Work instruction: When you reach the line with "apply functional_extensionality; intros y." in the listing below, transcribe it and each line after it up to and including the line with "assert (Hdef : forall", exactly and with nothing else.

Exercise data:
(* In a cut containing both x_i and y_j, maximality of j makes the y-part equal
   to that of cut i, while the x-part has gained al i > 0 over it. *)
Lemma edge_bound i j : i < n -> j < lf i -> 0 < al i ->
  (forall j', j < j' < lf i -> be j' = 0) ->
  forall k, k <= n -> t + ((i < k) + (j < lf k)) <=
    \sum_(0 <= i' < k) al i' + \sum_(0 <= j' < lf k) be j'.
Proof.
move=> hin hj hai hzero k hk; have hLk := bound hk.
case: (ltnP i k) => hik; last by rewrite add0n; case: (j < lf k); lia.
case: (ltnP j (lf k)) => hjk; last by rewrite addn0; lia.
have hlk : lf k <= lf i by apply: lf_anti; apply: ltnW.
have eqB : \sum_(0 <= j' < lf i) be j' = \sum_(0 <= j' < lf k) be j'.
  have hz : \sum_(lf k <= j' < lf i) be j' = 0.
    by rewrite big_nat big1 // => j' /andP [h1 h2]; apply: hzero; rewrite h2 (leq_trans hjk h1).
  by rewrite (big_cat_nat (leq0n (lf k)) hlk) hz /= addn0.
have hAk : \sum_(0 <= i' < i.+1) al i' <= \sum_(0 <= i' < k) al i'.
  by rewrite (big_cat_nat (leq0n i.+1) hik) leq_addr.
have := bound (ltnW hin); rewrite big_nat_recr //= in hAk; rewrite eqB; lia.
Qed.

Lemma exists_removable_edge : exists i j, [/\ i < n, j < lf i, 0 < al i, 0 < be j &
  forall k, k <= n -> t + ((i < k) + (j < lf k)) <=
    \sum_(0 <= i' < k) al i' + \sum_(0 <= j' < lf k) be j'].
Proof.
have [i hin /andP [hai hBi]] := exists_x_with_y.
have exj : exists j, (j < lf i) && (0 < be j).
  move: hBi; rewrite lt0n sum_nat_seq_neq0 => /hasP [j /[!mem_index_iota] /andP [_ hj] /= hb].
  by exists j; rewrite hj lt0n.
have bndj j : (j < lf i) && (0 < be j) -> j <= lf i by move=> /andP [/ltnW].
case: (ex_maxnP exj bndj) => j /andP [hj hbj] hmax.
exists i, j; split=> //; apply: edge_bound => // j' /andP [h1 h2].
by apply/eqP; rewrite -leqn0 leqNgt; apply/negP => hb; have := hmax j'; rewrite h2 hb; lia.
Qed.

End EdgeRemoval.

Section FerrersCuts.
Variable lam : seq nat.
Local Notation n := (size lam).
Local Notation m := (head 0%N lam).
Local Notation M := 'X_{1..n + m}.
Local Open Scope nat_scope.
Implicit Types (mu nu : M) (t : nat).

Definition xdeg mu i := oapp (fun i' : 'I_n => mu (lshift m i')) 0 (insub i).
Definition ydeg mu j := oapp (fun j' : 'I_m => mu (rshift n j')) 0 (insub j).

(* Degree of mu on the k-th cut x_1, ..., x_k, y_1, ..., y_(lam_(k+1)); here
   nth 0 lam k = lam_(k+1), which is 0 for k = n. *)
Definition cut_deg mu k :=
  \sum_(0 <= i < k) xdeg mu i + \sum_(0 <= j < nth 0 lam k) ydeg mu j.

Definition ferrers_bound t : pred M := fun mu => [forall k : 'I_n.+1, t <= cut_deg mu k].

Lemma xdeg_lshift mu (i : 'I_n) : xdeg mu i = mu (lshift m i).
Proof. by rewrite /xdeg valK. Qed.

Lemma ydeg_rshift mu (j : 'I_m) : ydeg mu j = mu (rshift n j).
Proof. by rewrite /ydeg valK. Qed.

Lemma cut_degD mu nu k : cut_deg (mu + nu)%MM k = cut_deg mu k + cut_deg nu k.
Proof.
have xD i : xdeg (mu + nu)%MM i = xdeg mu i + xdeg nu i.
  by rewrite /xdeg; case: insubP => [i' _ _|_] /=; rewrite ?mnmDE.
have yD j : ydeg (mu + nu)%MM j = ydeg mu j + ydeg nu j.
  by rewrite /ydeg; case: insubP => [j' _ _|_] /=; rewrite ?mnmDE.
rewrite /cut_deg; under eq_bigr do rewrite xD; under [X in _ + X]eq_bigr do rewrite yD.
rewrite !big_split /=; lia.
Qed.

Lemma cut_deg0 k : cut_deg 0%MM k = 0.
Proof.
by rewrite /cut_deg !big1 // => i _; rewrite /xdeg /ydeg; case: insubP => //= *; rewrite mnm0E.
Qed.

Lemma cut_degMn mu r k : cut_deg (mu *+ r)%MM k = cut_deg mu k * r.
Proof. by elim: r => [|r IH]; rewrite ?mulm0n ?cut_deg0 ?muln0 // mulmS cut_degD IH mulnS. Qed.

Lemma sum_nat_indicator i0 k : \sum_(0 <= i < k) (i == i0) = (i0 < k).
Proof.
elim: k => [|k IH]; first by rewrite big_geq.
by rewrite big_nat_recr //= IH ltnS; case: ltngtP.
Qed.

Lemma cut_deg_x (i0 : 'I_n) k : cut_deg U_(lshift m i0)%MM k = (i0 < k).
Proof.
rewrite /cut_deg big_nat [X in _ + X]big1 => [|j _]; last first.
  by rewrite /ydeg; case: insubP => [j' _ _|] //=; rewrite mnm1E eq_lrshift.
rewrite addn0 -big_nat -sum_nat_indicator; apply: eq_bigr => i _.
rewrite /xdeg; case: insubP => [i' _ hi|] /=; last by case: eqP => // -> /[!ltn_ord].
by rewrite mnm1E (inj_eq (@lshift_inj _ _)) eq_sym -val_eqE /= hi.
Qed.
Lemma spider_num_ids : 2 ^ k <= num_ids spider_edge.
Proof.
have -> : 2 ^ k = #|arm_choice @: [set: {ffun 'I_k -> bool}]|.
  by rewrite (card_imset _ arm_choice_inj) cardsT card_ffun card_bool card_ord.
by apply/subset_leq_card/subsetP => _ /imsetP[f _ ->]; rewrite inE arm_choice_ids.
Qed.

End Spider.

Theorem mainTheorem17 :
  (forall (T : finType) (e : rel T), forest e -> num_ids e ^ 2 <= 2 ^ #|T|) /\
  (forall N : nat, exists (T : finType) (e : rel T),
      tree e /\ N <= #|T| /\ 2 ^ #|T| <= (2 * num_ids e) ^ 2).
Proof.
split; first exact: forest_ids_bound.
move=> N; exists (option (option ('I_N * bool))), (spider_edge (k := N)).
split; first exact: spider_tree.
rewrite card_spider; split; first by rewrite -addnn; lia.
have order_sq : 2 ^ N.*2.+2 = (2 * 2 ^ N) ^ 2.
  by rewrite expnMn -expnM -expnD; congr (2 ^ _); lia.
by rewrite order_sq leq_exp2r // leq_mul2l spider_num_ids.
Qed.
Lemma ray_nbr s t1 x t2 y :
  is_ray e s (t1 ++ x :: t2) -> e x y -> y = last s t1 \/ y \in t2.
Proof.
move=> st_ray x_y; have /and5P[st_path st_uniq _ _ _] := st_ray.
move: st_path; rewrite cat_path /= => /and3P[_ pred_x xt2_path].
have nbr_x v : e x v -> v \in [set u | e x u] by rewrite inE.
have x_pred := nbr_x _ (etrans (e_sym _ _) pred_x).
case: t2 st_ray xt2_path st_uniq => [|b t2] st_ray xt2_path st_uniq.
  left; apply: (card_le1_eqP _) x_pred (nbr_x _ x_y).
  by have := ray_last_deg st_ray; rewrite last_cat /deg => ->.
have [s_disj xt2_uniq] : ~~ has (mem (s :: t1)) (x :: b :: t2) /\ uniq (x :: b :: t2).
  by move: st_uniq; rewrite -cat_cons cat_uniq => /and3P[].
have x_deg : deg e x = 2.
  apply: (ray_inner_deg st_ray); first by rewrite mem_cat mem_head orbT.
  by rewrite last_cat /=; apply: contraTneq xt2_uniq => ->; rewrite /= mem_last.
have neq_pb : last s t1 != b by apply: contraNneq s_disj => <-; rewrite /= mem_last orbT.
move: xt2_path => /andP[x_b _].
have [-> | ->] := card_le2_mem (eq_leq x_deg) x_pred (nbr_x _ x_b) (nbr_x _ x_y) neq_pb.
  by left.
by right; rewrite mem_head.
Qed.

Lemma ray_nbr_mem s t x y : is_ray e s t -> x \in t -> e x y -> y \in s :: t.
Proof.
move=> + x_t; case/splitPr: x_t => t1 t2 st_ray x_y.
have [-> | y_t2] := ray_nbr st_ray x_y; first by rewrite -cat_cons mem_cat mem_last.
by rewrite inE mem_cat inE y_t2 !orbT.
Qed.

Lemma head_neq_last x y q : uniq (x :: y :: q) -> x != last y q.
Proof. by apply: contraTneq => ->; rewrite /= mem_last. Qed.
* * *
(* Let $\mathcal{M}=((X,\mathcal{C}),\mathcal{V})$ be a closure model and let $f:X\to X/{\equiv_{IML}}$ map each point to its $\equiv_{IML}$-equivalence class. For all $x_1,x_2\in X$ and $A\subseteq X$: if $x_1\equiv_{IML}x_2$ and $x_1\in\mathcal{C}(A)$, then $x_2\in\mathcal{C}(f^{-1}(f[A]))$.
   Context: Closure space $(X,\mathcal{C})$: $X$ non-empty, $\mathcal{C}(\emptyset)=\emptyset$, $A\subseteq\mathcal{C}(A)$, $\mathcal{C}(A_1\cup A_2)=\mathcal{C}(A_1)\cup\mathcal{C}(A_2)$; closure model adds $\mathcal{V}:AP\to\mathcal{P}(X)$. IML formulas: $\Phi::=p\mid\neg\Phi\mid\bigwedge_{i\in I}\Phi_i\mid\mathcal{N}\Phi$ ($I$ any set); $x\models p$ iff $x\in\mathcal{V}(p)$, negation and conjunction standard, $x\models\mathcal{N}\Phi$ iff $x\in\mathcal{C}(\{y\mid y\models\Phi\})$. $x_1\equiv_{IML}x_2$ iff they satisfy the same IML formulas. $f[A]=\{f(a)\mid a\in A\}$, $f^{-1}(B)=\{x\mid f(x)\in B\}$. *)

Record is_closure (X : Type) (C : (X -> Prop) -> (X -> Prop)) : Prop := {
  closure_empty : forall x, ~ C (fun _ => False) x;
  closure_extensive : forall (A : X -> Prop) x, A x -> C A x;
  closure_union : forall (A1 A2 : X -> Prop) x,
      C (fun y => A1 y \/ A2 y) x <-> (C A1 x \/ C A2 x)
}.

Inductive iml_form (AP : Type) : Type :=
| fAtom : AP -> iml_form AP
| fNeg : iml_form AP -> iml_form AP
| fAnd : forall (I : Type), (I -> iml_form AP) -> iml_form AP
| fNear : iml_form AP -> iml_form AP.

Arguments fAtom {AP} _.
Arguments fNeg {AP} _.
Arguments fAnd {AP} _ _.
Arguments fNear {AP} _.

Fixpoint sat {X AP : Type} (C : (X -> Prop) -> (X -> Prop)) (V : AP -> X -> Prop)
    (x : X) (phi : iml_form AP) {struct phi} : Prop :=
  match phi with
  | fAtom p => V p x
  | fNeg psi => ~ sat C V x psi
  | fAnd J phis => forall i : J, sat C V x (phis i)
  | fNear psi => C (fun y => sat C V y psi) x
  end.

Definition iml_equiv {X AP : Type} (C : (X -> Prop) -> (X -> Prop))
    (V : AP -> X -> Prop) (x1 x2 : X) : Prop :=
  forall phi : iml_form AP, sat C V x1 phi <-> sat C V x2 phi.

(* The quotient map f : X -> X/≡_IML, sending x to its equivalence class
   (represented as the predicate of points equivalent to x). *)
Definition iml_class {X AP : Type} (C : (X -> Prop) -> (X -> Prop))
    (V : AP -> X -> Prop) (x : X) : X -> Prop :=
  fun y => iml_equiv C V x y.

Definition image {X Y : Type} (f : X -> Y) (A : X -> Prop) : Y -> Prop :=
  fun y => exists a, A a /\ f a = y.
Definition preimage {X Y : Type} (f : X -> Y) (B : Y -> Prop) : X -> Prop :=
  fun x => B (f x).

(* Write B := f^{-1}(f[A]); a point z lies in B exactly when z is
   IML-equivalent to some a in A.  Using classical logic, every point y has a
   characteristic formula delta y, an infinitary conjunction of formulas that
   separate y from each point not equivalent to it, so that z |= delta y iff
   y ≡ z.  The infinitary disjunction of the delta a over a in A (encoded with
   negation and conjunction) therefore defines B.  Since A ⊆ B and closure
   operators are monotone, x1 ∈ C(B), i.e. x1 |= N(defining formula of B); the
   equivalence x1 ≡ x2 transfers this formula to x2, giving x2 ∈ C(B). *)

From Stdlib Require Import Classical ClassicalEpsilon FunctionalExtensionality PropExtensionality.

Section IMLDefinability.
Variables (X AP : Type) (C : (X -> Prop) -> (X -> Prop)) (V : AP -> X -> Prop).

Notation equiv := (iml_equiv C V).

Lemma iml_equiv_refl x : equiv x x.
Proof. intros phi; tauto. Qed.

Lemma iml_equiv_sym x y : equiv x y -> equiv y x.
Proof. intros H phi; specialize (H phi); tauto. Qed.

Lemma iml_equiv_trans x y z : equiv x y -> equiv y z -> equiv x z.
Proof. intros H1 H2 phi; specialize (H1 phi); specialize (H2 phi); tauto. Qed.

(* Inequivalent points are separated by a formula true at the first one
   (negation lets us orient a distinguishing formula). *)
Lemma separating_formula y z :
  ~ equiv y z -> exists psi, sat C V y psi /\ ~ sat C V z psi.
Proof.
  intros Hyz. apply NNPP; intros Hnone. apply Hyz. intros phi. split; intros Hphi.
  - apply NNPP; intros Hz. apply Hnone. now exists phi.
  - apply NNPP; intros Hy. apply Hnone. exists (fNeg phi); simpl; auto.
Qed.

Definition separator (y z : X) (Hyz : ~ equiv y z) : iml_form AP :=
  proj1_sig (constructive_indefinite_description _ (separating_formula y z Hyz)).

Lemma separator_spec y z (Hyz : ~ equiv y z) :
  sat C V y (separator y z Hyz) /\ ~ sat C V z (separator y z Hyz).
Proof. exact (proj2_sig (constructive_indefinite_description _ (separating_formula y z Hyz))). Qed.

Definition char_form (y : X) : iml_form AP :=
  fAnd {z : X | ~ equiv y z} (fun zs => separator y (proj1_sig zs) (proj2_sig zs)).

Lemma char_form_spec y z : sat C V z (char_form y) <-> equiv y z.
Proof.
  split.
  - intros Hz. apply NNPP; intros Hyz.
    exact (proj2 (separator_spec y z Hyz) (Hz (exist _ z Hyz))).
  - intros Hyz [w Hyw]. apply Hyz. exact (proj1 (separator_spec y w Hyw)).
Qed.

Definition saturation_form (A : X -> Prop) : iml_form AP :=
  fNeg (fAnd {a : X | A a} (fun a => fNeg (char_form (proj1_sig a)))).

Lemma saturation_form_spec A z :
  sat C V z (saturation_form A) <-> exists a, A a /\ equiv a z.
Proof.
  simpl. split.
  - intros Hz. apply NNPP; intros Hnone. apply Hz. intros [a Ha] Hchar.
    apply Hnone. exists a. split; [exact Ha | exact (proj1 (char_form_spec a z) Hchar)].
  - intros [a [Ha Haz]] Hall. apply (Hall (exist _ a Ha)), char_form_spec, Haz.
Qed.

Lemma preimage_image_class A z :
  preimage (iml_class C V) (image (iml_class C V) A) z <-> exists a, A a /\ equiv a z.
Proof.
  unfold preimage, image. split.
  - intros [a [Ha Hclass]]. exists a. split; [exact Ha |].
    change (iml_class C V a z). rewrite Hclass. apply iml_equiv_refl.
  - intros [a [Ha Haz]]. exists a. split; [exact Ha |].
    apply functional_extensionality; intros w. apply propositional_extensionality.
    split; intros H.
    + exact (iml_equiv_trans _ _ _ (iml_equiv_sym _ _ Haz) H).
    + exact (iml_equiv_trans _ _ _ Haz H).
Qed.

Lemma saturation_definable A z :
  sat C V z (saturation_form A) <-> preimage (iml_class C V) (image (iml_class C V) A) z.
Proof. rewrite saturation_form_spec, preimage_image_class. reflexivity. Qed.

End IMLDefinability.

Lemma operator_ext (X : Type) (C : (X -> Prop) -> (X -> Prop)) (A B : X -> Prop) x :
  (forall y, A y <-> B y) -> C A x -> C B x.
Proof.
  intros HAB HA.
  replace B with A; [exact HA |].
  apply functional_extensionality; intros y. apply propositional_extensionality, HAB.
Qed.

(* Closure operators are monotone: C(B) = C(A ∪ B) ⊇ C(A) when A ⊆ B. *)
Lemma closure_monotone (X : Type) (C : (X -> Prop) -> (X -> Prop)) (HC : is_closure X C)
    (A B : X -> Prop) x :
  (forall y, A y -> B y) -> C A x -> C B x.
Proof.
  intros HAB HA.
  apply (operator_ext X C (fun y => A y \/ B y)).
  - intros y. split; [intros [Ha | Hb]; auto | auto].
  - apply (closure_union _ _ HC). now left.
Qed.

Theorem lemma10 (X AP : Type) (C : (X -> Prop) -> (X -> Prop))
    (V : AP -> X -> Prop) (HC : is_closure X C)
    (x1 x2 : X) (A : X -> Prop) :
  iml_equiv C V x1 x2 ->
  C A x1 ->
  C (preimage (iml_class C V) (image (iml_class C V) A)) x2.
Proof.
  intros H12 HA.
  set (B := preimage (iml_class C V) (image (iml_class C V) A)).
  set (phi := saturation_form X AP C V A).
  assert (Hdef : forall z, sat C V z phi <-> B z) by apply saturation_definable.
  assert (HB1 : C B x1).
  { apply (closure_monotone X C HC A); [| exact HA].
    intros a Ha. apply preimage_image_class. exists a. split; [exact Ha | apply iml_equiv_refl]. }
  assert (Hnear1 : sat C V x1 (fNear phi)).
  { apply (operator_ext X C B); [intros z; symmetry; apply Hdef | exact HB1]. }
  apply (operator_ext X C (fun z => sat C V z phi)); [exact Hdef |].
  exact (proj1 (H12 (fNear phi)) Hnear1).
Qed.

Output of the task:
  apply functional_extensionality; intros y. apply propositional_extensionality, HAB.
Qed.

(* Closure operators are monotone: C(B) = C(A ∪ B) ⊇ C(A) when A ⊆ B. *)
Lemma closure_monotone (X : Type) (C : (X -> Prop) -> (X -> Prop)) (HC : is_closure X C)
    (A B : X -> Prop) x :
  (forall y, A y -> B y) -> C A x -> C B x.
Proof.
  intros HAB HA.
  apply (operator_ext X C (fun y => A y \/ B y)).
  - intros y. split; [intros [Ha | Hb]; auto | auto].
  - apply (closure_union _ _ HC). now left.
Qed.

Theorem lemma10 (X AP : Type) (C : (X -> Prop) -> (X -> Prop))
    (V : AP -> X -> Prop) (HC : is_closure X C)
    (x1 x2 : X) (A : X -> Prop) :
  iml_equiv C V x1 x2 ->
  C A x1 ->
  C (preimage (iml_class C V) (image (iml_class C V) A)) x2.
Proof.
  intros H12 HA.
  set (B := preimage (iml_class C V) (image (iml_class C V) A)).
  set (phi := saturation_form X AP C V A).
  assert (Hdef : forall z, sat C V z phi <-> B z) by apply saturation_definable.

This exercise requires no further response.